-- Opening Marker --

Lemma orthonormal_colinear l m c : f m = c *: f l -> m = l.
Proof.
move=> fm; apply/eqP; apply: contraNT (orthonormal_neq0 m) => ml.
have := orth m l; rewrite (negbTE ml) fm.
under eq_bigr do rewrite mxE -mulrA.
by rewrite -big_distrr /= orth eqxx mulr1 => ->; rewrite scale0r.
Qed.

End Orthonormal.

Section L2.
Variable R : realType.
Local Notation mu := (@lebesgue_measure R).
Local Notation I01 := (`[0, 1]%classic : set R).
Implicit Types (c : R[i]) (h : R -> R[i]) (k : int).

(* [tr_integrable_M H] unfolds to [forall j, cintegrable01 (H j)]. *)
Definition cintegrable01 (h : R -> R[i]) : Prop :=
  mu.-integrable I01 (fun x => (complex.Re (h x))%:E) /\
  mu.-integrable I01 (fun x => (complex.Im (h x))%:E).

Lemma measurable01 : @measurable _ (measurableTypeR R) I01.
Proof. exact: measurable_itv. Qed.

Lemma integrable01M_bounded (u g : R -> R) : continuous g -> (forall x, `|g x| <= 1) ->
  mu.-integrable I01 (fun x => (u x)%:E) -> mu.-integrable I01 (fun x => (u x * g x)%:E).
Proof.
move=> g_cont g_le1 iu.
have g_bnd : [bounded g x | x in I01].
  exists 1; split; first exact: num_real.
  by move=> M M1 x _; apply: le_trans (g_le1 x) (ltW M1).
have mg : measurable_fun I01 g := measurable_funTS (continuous_measurable_fun g_cont).
apply: (eq_integrable measurable01 _ _ _ (integrableMl measurable01 iu mg g_bnd)) => x _ /=.
by rewrite EFinM.
Qed.

Lemma integrable01Zl (a : R) (u : R -> R) :
  mu.-integrable I01 (fun x => (u x)%:E) -> mu.-integrable I01 (EFin \o (fun x => a * u x)).
Proof.
move=> iu; apply: (eq_integrable measurable01 _ _ _ (integrableZl measurable01 a iu)).
by move=> x _ /=; rewrite EFinM.
Qed.

Lemma cintegrable01Zl c h : cintegrable01 h -> cintegrable01 (fun x => c * h x).
Proof.
case: c => a b [iRe iIm]; have Z := integrable01Zl; split.
- apply: (eq_integrable measurable01 _ _ _ (integrableB measurable01 (Z a _ iRe) (Z b _ iIm))).
  by move=> x _ /=; case: (h x) => u v; rewrite -EFinB.
- apply: (eq_integrable measurable01 _ _ _ (integrableD measurable01 (Z a _ iIm) (Z b _ iRe))).
  by move=> x _ /=; case: (h x) => u v; rewrite -EFinD.
Qed.

Lemma cintegrable01M_expi a h :
  cintegrable01 h -> cintegrable01 (fun x => h x * tr_expi (a * x)).
Proof.
have cos_cont : continuous (fun x => cos (a * x)).
  by move=> x; apply: continuous_comp; [exact: mulrl_continuous | exact: continuous_cos].
have sin_cont : continuous (fun x => sin (a * x)).
  by move=> x; apply: continuous_comp; [exact: mulrl_continuous | exact: continuous_sin].
have C u := @integrable01M_bounded u _ cos_cont (fun x => cos_max _).
have S u := @integrable01M_bounded u _ sin_cont (fun x => sin_max _).
case=> iRe iIm; split.
- apply: (eq_integrable measurable01 _ _ _ (integrableB measurable01 (C _ iRe) (S _ iIm))).
  by move=> x _ /=; case: (h x) => u v; rewrite -EFinB.
- apply: (eq_integrable measurable01 _ _ _ (integrableD measurable01 (S _ iRe) (C _ iIm))).
  by move=> x _ /=; case: (h x) => u v; rewrite -EFinD.
Qed.

Lemma tr_cint01Zl c h : cintegrable01 h -> tr_cint01 (fun x => c * h x) = c * tr_cint01 h.
Proof.
case: c => a b [iRe iIm]; rewrite /tr_cint01.
have eRe : (fun x => complex.Re ((a +i* b) * h x)) =
           (fun x => a * complex.Re (h x) - b * complex.Im (h x)).
  by apply/funext => x; case: (h x).
have eIm : (fun x => complex.Im ((a +i* b) * h x)) =
           (fun x => a * complex.Im (h x) + b * complex.Re (h x)).
  by apply/funext => x; case: (h x).
rewrite eRe eIm RintegralB ?RintegralD ?RintegralZl //;
  by [exact: measurable01 | exact: integrable01Zl].
Qed.

Lemma tr_cint01_cst c : tr_cint01 (fun=> c) = c.
Proof.
case: c => a b; rewrite /tr_cint01 /= !Rintegral_cst ?measurable01 //.
have := lebesgue_measure_itv `[(0:R), 1]%R; rewrite /= lte_fin ltr01 oppr0 adde0 => ->.
by rewrite !mulr1.
Qed.

Lemma tr_mode_conj N (v : 'cV[R[i]]_N) k j x :
  (tr_mode v k j x)^*%R = (v j 0)^* * tr_expi (- (2 * pi * k%:~R) * x).
Proof. by rewrite /tr_mode /tr_e2pi rmorphM /= -tr_expiN mulNr. Qed.

Lemma cintegrable01_mul_conj_mode N (v : 'cV[R[i]]_N) k j h :
  cintegrable01 h -> cintegrable01 (fun x => h x * (tr_mode v k j x)^*).
Proof.
move=> ih; have -> : (fun x => h x * (tr_mode v k j x)^*) =
    (fun x => (v j 0)^* * (h x * tr_expi (- (2 * pi * k%:~R) * x))).
  by apply/funext => x; rewrite tr_mode_conj mulrCA.
exact/cintegrable01Zl/cintegrable01M_expi.
Qed.

Lemma tr_inner_MZr N (H G : tr_fun_M R N) a :
  (forall j, cintegrable01 (fun x => H j x * (G j x)^*)) ->
  tr_inner_M H (fun j x => a * G j x) = a^* * tr_inner_M H G.
Proof.
move=> iHG; rewrite /tr_inner_M [RHS]mulrCA [in RHS]big_distrr /=; congr (_ * _).
apply: eq_bigr => j _; rewrite -tr_cint01Zl //; congr tr_cint01.
by apply/funext => x; rewrite rmorphM mulrCA.
Qed.

Lemma tr_inner_mode N (v : 'cV[R[i]]_N) k :
  tr_inner_M (tr_mode v k) (tr_mode v k) = (N%:R^-1)%:C * \sum_j v j 0 * (v j 0)^*.
Proof.
rewrite /tr_inner_M; congr (_ * _); apply: eq_bigr => j _.
rewrite -[RHS]tr_cint01_cst; congr tr_cint01.
by apply/funext => x; rewrite /tr_mode rmorphM mulrACA tr_expi_conjK mulr1.
Qed.

Lemma tr_proj_spanZ N (v : 'cV[R[i]]_N) k a (H : tr_fun_M R N) :
  a != 0 -> tr_integrable_M H ->
  tr_proj_span (tr_mode (a *: v) k) H = tr_proj_span (tr_mode v k) H.
Proof.
move=> a0 iH; apply/funext => j; apply/funext => x.
have normZ : \sum_j (a *: v) j 0 * ((a *: v) j 0)^* = a * a^* * \sum_j v j 0 * (v j 0)^*.
  by rewrite big_distrr; apply: eq_bigr => i _; rewrite mxE rmorphM mulrACA.
rewrite /tr_proj_span !tr_inner_mode normZ tr_modeZ tr_inner_MZr; last first.
  by move=> i; apply: cintegrable01_mul_conj_mode (iH i).
have ac0 : a^* != 0 by rewrite conjC_eq0.
set X := tr_inner_M _ _; set n := (_%:C); set S := \sum_i _; set g := tr_mode v k j x.
transitivity ((a^* / a^*) * (a / a) * (X / (n * S) * g)); first by rewrite !invfM; ring.
by rewrite !divff // !mul1r.
Qed.

End L2.

Theorem proposition3p7 (R : realType) (N S : nat) (L : seq nat)
  (Wd : 'M[R]_N) (beta : seq R) (alpha : 'I_N -> R) (k : int)
  (f : 'I_N -> 'cV[R[i]]_N) (lamh : 'I_N -> R[i]) :
  (1 <= N)%N -> (1 <= S <= N)%N ->
  size L = S -> tr_band_width_vector N L -> tr_admissible L Wd ->
  size beta = S -> tr_in_Gamma beta -> tr_banded_vector L beta alpha ->
  (S = 1%N \/ k = 0) ->
  tr_orthonormal f ->
  (forall l : 'I_N,
     (tr_phase k (nth 0 beta 0) *: map_mx (real_complex R) Wd) *m f l
       = lamh l *: f l) ->
  forall eps : R, 0 < eps ->
  [/\ (* each F^(l)_k is an eigenfunction with eigenvalue lambda^(l)_{k,eps} *)
      (forall l : 'I_N,
         tr_is_eigenfunction (tr_transfer Wd alpha eps) (tr_mode (f l) k)
           (tr_phase k (nth 0 beta 0) + eps%:C * lamh l)),
      (* up to scalars, these are all eigenfunctions of the form f(j) e^{2 pi i k x} *)
      (forall (g : 'cV[R[i]]_N) (mu : R[i]),
         tr_is_eigenfunction (tr_transfer Wd alpha eps) (tr_mode g k) mu ->
         exists (l : 'I_N) (a : R[i]),
           g = a *: f l /\ mu = tr_phase k (nth 0 beta 0) + eps%:C * lamh l) &
      (* the orthogonal projection onto the eigenfunction with eigenvalue
         lambda^(l)_{k,eps} equals the projection onto span{F^(l)_k} *)
      (forall (l : 'I_N) (g : 'cV[R[i]]_N),
         tr_is_eigenfunction (tr_transfer Wd alpha eps) (tr_mode g k)
           (tr_phase k (nth 0 beta 0) + eps%:C * lamh l) ->
         forall H : tr_fun_M R N, tr_integrable_M H ->
         forall j x, tr_proj_span (tr_mode g k) H j x = tr_proj_span (tr_mode (f l) k) H j x)].
Proof.
move=> _ _ size_L widths [_ _ _ [s [size_s uniq_s eig_s]] _] _ _ banded S1_or_k0.
move=> orth eig_f eps eps_gt0.
set p := tr_phase k (nth 0 beta 0); set Wc := map_mx (real_complex R) Wd.
have p0 : p != 0 := tr_expi_neq0 _.
have eps0 : eps%:C != 0 by rewrite eq_complex /= negb_and (gt_eqF eps_gt0).
have peps0 := mulf_neq0 p0 eps0.
have eigenfunP g mu := tr_transfer_eigenfunction_modeP Wd g mu
  (tr_phase_banded S1_or_k0 size_L widths banded) peps0.
have lamE l : (p + eps%:C * lamh l - p) / (p * eps%:C) = lamh l / p.
  by field; apply/andP; split.
have Wc_f l : Wc *m f l = (lamh l / p) *: f l.
  by apply: (scalerI p0); rewrite scalemxAl eig_f scalerA mulrC divfK.
have [size_sC uniq_sC eig_sC] := simple_spectrum_map (real_complex R) size_s uniq_s eig_s.
have f_neq0 := orthonormal_neq0 orth.
split.
- by move=> l; apply/eigenfunP; rewrite lamE.
- move=> g mu /eigenfunP [g0 /(eigenbasis_complete size_sC uniq_sC eig_sC f_neq0
    (orthonormal_colinear orth) Wc_f g0) [l [c [mu_l ->]]]].
  exists l, c; split => //; rewrite -[mu](subrK p) [LHS]addrC; congr (_ + _).
  by rewrite -(divfK peps0 (mu - p)) mu_l; field.
- move=> l g /eigenfunP [g0]; rewrite lamE => Wc_g H iH j x.
  have [c gc] := col_eigenvectors_colinear size_sC uniq_sC eig_sC (f_neq0 l) (Wc_f l) Wc_g.
  have c0 : c != 0 by apply: contraNneq g0 => c0; rewrite gc c0 scale0r.
  by rewrite gc tr_proj_spanZ.
Qed.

-- Closing Marker --

_Task prompt:_ Only lines with the word "field" go in the answer. Take them all from the entries above.

_Exercise result:_
  by field; apply/andP; split.
  by rewrite -(divfK peps0 (mu - p)) mu_l; field.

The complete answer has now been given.